• [SUPPLIED RECORDS]
::::
Lemma address_S0 x : address x = S0 <-> x < crit.
Proof.
  unfold address; destruct (total_order_T x crit) as [[H|H]|H];
    split; intro; try lra; try discriminate; auto.
Qed.

Lemma address_SC x : address x = SC <-> x = crit.
Proof.
  unfold address; destruct (total_order_T x crit) as [[H|H]|H];
    split; intro; try lra; try discriminate; auto.
Qed.

Lemma address_S1 x : address x = S1 <-> crit < x.
Proof.
  unfold address; destruct (total_order_T x crit) as [[H|H]|H];
    split; intro; try lra; try discriminate; auto.
Qed.

Lemma address_lt a b : a < b -> address a <> address b -> sym_lt (address a) (address b).
Proof.
  intros Hab Hne; unfold sym_lt, address, sym_rank in *;
  destruct (total_order_T a crit) as [[?|?]|?]; destruct (total_order_T b crit) as [[?|?]|?];
  try lia; try congruence; exfalso; lra.
Qed.

Lemma tent_crit lam : tent lam crit = lam / 2.
Proof. unfold tent, crit; destruct Rle_dec; lra. Qed.

Lemma tent_le_max lam x : 0 < lam -> tent lam x <= lam / 2.
Proof. intros; unfold tent; destruct Rle_dec; nra. Qed.

Lemma tent_eq_max lam x : 0 < lam -> tent lam x = lam / 2 -> x = crit.
Proof. intros H; unfold tent, crit; destruct Rle_dec; intro E; nra. Qed.

Lemma tent_right lam y : crit < y -> tent lam y = lam * (1 - y).
Proof. unfold tent, crit; destruct Rle_dec; lra. Qed.

Lemma tent_unit lam x : 0 < lam <= 2 -> 0 <= x <= 1 -> 0 <= tent lam x <= 1.
Proof. intros; unfold tent; destruct Rle_dec; split; nra. Qed.

Lemma iterT_unit lam n x : 0 < lam <= 2 -> 0 <= x <= 1 -> 0 <= iterT lam n x <= 1.
Proof. intros; induction n; simpl; auto; now apply tent_unit. Qed.

Lemma tent_same_branch lam a b : address a = address b -> address a <> SC ->
  (address a = S0 /\ tent lam b - tent lam a = lam * (b - a)) \/
  (address a = S1 /\ tent lam b - tent lam a = - (lam * (b - a))).
Proof.
  intros He Hn; unfold tent, address in *.
  destruct (total_order_T a crit) as [[?|?]|?]; destruct (total_order_T b crit) as [[?|?]|?];
    try congruence; unfold crit in *;
    destruct (Rle_dec a (1/2)); destruct (Rle_dec b (1/2)); try lra;
    [left | right]; split; auto; ring.
Qed.

(** * Words and the parity-lexicographic order *)

Lemma wconcat_nil u : wconcat nil u = u.
Proof. apply functional_extensionality; intro i; unfold wconcat; simpl; now rewrite Nat.sub_0_r. Qed.

Lemma wconcat_cons a w u :
  wconcat (a :: w) u = fun i => match i with O => a | S j => wconcat w u j end.
Proof. now apply functional_extensionality; intros [|i]. Qed.

Lemma wconcat_lt w u i : (i < length w)%nat -> wconcat w u i = nth i w S0.
Proof. intro H; unfold wconcat; apply Nat.ltb_lt in H; now rewrite H. Qed.

Lemma wconcat_length w u : wconcat w u (length w) = u O.
Proof. unfold wconcat; now rewrite Nat.ltb_irrefl, Nat.sub_diag. Qed.

Lemma shift_0 u : shift 0 u = u.
Proof. apply functional_extensionality; intro i; unfold shift; now rewrite Nat.add_0_r. Qed.

Lemma shift_succ_cons a w u k : shift (S k) (wconcat (a :: w) u) = shift k (wconcat w u).
Proof. apply functional_extensionality; intro i; unfold shift; now rewrite Nat.add_succ_r. Qed.

Lemma count1_ext u v k : (forall i, (i < k)%nat -> u i = v i) -> count1 u k = count1 v k.
Proof.
  induction k as [|k IH]; intro H; simpl; auto.
  rewrite IH by (intros; apply H; lia).
  now rewrite H by lia.
Qed.

Lemma plex_lt_of_prefix a b a' b' d :
  (forall i, (i < d)%nat -> a i = b i) ->
  ((Nat.Even (count1 a d) /\ sym_lt (a d) (b d)) \/
   (Nat.Odd (count1 a d) /\ sym_lt (b d) (a d))) ->
  (forall i, (i <= d)%nat -> a' i = a i) -> (forall i, (i <= d)%nat -> b' i = b i) ->
  plex_lt a' b'.
Proof.
  intros Hpre Hd Ha Hb; exists d; split.
  - intros i Hi; rewrite Ha, Hb by lia; auto.
  - rewrite (count1_ext a' a d) by (intros; apply Ha; lia).
    now rewrite Ha, Hb by lia.
Qed.

Lemma plex_lt_asym a b : plex_lt a b -> plex_lt b a -> False.
Proof.
  intros [k1 [H1 C1]] [k2 [H2 C2]]; unfold sym_lt in *.
  destruct (lt_eq_lt_dec k1 k2) as [[Hl|He]|Hl].
  - rewrite (H2 k1 Hl) in C1; destruct C1 as [[_ X]|[_ X]]; lia.
  - subst; rewrite (count1_ext b a k2) in C2 by (intros; symmetry; auto).
    destruct C1 as [[E1 X1]|[E1 X1]]; destruct C2 as [[E2 X2]|[E2 X2]]; try lia;
      eapply Nat.Even_Odd_False; eauto.
  - rewrite (H1 k2 Hl) in C2; destruct C2 as [[_ X]|[_ X]]; lia.
Qed.

(** * Itineraries are monotone for the parity-lexicographic order *)

(** [agree_expand lam x w i]: the itineraries of [x] and [w] agree, and avoid [C],
    on [0..i-1], so that [T^i] is affine between [x] and [w] with slope [±λ^i],
    the sign being given by the parity of the number of 1's seen so far. *)
Definition agree_expand (lam x w : R) (i : nat) : Prop :=
  (forall j, (j < i)%nat -> itin lam x j = itin lam w j /\ itin lam x j <> SC) /\
  ((Nat.Even (count1 (itin lam x) i) /\ iterT lam i w - iterT lam i x = lam ^ i * (w - x)) \/
   (Nat.Odd (count1 (itin lam x) i) /\ iterT lam i w - iterT lam i x = - (lam ^ i * (w - x)))).

Lemma agree_expand_0 lam x w : agree_expand lam x w 0.
Proof. split; [intros; lia | left; split; [exists 0%nat; reflexivity | simpl; ring]]. Qed.

Lemma agree_expand_succ lam x w i :
  agree_expand lam x w i -> itin lam x i = itin lam w i -> itin lam x i <> SC ->
  agree_expand lam x w (S i).
Proof.
  intros [Hpre Hdiff] Heq HnC; split.
  - intros j Hj; destruct (Nat.eq_dec j i) as [->|]; auto; apply Hpre; lia.
  - cbn [count1 iterT pow].
    destruct (tent_same_branch lam _ _ Heq HnC) as [[A D]|[A D]];
      change (address (iterT lam i x)) with (itin lam x i) in A; rewrite A, D.
    + rewrite Nat.add_0_r.
      destruct Hdiff as [[E D']|[E D']]; [left | right]; split; auto; rewrite D'; ring.
    + rewrite Nat.add_1_r.
      destruct Hdiff as [[E D']|[E D']]; [right | left]; split; try (rewrite D'; ring).
      * now apply Nat.Odd_succ.
      * now apply Nat.Even_succ.
Qed.

(** Since [T^i] maps into [[0,1]], the expanded distance stays at most 1 ... *)
Lemma agree_expand_bounded lam x w i : 0 < lam <= 2 -> 0 <= x -> x < w -> w <= 1 ->
  agree_expand lam x w i -> lam ^ i * (w - x) <= 1.
Proof.
  intros Hl Hx Hxw Hw [_ Hdiff].
  pose proof (iterT_unit lam i x Hl ltac:(lra)); pose proof (iterT_unit lam i w Hl ltac:(lra)).
  assert (0 < lam ^ i * (w - x)) by (apply Rmult_lt_0_compat; [apply pow_lt|]; lra).
  destruct Hdiff as [[_ D]|[_ D]]; lra.
Qed.

(** ... so, as [λ > 1], agreement must break down at some finite time. *)
Lemma agree_expand_breaks lam x w : 1 < lam <= 2 -> 0 <= x -> x < w -> w <= 1 ->
  exists d, agree_expand lam x w d /\ ~ agree_expand lam x w (S d).
Proof.
  intros Hl Hx Hxw Hw.
  destruct (Pow_x_infinity lam ltac:(rewrite Rabs_right; lra) (2 / (w - x))) as [N HN].
  specialize (HN N (le_n N)).
  rewrite Rabs_right in HN by (apply Rle_ge, pow_le; lra).
  apply Rge_le, (Rmult_le_compat_r (w - x)) in HN; [|lra].
  replace (2 / (w - x) * (w - x)) with 2 in HN by (field; lra).
  apply NNPP; intro Hnone.
  assert (Hall : forall d, agree_expand lam x w d).
  { induction d as [|d IH]; [apply agree_expand_0|].
    apply NNPP; intro Hn; apply Hnone; now exists d. }
  pose proof (agree_expand_bounded lam x w N ltac:(lra) Hx Hxw Hw (Hall N)); lra.
Qed.

Lemma itin_first_difference lam x w : 1 < lam <= 2 -> 0 <= x -> x < w -> w <= 1 ->
  exists d,
    (forall j, (j < d)%nat -> itin lam x j = itin lam w j /\ itin lam x j <> SC) /\
    ((Nat.Even (count1 (itin lam x) d) /\ sym_lt (itin lam x d) (itin lam w d)) \/
     (Nat.Odd (count1 (itin lam x) d) /\ sym_lt (itin lam w d) (itin lam x d))).
Proof.
  intros Hl Hx Hxw Hw.
  destruct (agree_expand_breaks lam x w Hl Hx Hxw Hw) as [d [Hd Hbreak]].
  assert (Hgap : 0 < lam ^ d * (w - x)) by (apply Rmult_lt_0_compat; [apply pow_lt|]; lra).
  assert (Hne : itin lam x d <> itin lam w d).
  { intro Heq; apply Hbreak, agree_expand_succ; auto.
    intro HC; rewrite HC in Heq; unfold itin in HC, Heq.
    apply address_SC in HC; symmetry in Heq; apply address_SC in Heq.
    destruct Hd as [_ [[_ D]|[_ D]]]; rewrite HC, Heq in D; lra. }
  exists d; split; [apply Hd|].
  destruct Hd as [_ [[E D]|[E D]]]; [left | right]; split; auto; apply address_lt; auto; lra.
Qed.

Lemma plex_lt_of_points lam x w j u v : 1 < lam <= 2 -> 0 <= x -> x < w -> w <= 1 ->
  (itin lam x j = SC \/ itin lam w j = SC) ->
  (forall i, (i <= j)%nat -> u i = itin lam x i) ->
  (forall i, (i <= j)%nat -> v i = itin lam w i) ->
  plex_lt u v.
Proof.
  intros Hl Hx Hxw Hw HC Hu Hv.
  destruct (itin_first_difference lam x w Hl Hx Hxw Hw) as [d [Hpre Hd]].
  assert (Hdj : (d <= j)%nat).
  { destruct (le_lt_dec d j) as [|Hjd]; auto.
    destruct (Hpre j Hjd) as [Heq HnC]; exfalso; destruct HC; congruence. }
  apply (plex_lt_of_prefix (itin lam x) (itin lam w) u v d); auto.
  - intros i Hi; apply Hpre, Hi.
  - intros i Hi; apply Hu; lia.
  - intros i Hi; apply Hv; lia.
Qed.

(** * Comparison with the kneading sequence *)

Section Kneading.

Variables (lam : R) (Kplus : nat -> sym).
Hypothesis Hlam : 1 < lam <= 2.
Hypothesis HKplus : right_limit_itin lam crit Kplus.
::::
• [WORK INSTRUCTION] Filter the material above down to the lines that hold the word "split".

• [RESPONSE FOR THIS EXERCISE]
    split; intro; try lra; try discriminate; auto.
    split; intro; try lra; try discriminate; auto.
    split; intro; try lra; try discriminate; auto.
Proof. intros; unfold tent; destruct Rle_dec; split; nra. Qed.
    [left | right]; split; auto; ring.
  intros Hpre Hd Ha Hb; exists d; split.
Proof. split; [intros; lia | left; split; [exists 0%nat; reflexivity | simpl; ring]]. Qed.
  intros [Hpre Hdiff] Heq HnC; split.
      destruct Hdiff as [[E D']|[E D']]; [left | right]; split; auto; rewrite D'; ring.
      destruct Hdiff as [[E D']|[E D']]; [right | left]; split; try (rewrite D'; ring).
  exists d; split; [apply Hd|].
  destruct Hd as [_ [[E D]|[E D]]]; [left | right]; split; auto; apply address_lt; auto; lra.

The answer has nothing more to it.